Con un solo obiettivo nella mente: salire in fretta in cima al campanile. Non fece in
tempo, Spaltung fu più veloce: gli sfondò il cranio con un candelabro e diede fuoco ai
primi banchi di legno. L’incendio divorò la chiesa in poco tempo.
***
«Che ti sembra, Hul-Isis. Esperimento riuscito?» domandò Isis-Mide spegnendo il monitor collegato alla videocamera nascosta nella statua dell’Immacolata.
«Continua a non convincermi…»
«Cosa?»
«Il metodo. I tempi lunghi.
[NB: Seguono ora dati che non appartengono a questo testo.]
Lemma noncentral_shift (n y : nat) : 0 < n -> ~~ central n y ->
  (y + n %/ 4) %% n <= 2 * (n %/ 4).
Proof.
move=> n_gt0; rewrite /central /cdist -leqNgt -(modnDml y).
have := ltn_mod y n; rewrite n_gt0; move: (y %% n) => r r_lt r_far.
case: (leqP n (r + n %/ 4)) => [ge | lt]; first by rewrite modn_between; lia.
by rewrite modn_small; lia.
Qed.

Lemma noncentral_progression (n x d L : nat) : 0 < n -> 2 * d < n ->
  (forall j, j <= L -> ~~ central n (x + j * d)) -> 2 * (L * d) <= n.
Proof.
move=> n_gt0 d_lt far.
pose s j := (x + j * d + n %/ 4) %% n.
have s_le j : j <= L -> s j <= 2 * (n %/ 4) by move=> /far; apply: noncentral_shift.
have s_step j : j < L -> s j.+1 = s j + d.
  move=> j_lt; rewrite /s.
  have -> : x + j.+1 * d + n %/ 4 = x + j * d + n %/ 4 + d by rewrite mulSn; lia.
  rewrite -modnDml modn_small //.
  by have := s_le j (ltnW j_lt); rewrite /s; lia.
have s_lin j : j <= L -> s j = s 0 + j * d.
  elim: j => [|j IH] j_le; first by rewrite addn0.
  by rewrite s_step // IH ?(ltnW j_le) // mulSn; lia.
by have := s_lin L (leqnn L); have := s_le L (leqnn L); lia.
Qed.

(* For n/4 < J < 3n/4 the multiplier J m makes p central; the values J d then
   form a walk of step d < n/2 in Z_n, which cannot jump over the central half
   and is too long to stay outside it. *)
Lemma central_multiplier_unit (n p q m : nat) : odd n -> 7 <= n ->
  (forall J, central n (p * (J * m)) = central n J) ->
  1 < q * m %% n -> 2 * (q * m %% n) < n ->
  exists c, central n (p * c) && central n (q * c).
Proof.
move=> n_odd n_ge7 p_central; set d := q * m %% n => d_gt1 d_lt.
have n_mod2 : n %% 2 = 1 by rewrite modn2 n_odd.
set j0 := n %/ 4 + 1; set L := n %/ 2 - 1.
have q_central J : central n (q * (J * m)) = central n (J * d).
  by rewrite -[LHS]central_mod mulnCA -modnMmr central_mod.
case: (boolP [exists j : 'I_L.+1, central n ((j0 + j) * d)]).
  case/existsP=> j j_central; exists ((j0 + j) * m); rewrite q_central j_central andbT.
  by rewrite p_central; apply: central_window; have := ltn_ord j; lia.
rewrite negb_exists => /forallP far.
have : 2 * (L * d) <= n.
  apply: (@noncentral_progression n (j0 * d)) => // [|j j_le]; first lia.
  by rewrite -mulnDl; apply: (far (Ordinal (j_le : j < L.+1))).
have : L * 2 <= L * d by rewrite leq_mul2l d_gt1 orbT.
lia.
Qed.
Lo spreco di biotransfer…» si mostrò scettico HulIsis.
«Io invece trovo tutto così gustoso, così convincente… Distruggere la casta dei
colti facendola specchiare nelle proprie contraddizioni» replicò Isis-Mide, mentre un
ghigno gli sbocciava fra le labbra. «Un programma perfidamente efficace.»
«Il Consiglio dei non colti l’ha già approvato, questo programma?»
«La settimana scorsa. La fase sperimentale è finita oggi, con la morte di padre
Amadeus.»
«E da domani?»
«Da domani partirà la fase due: l’autodistruzione di massa» scoppiò a ridere
Isis-Mide, accarezzando perfido la grande bandiera nera.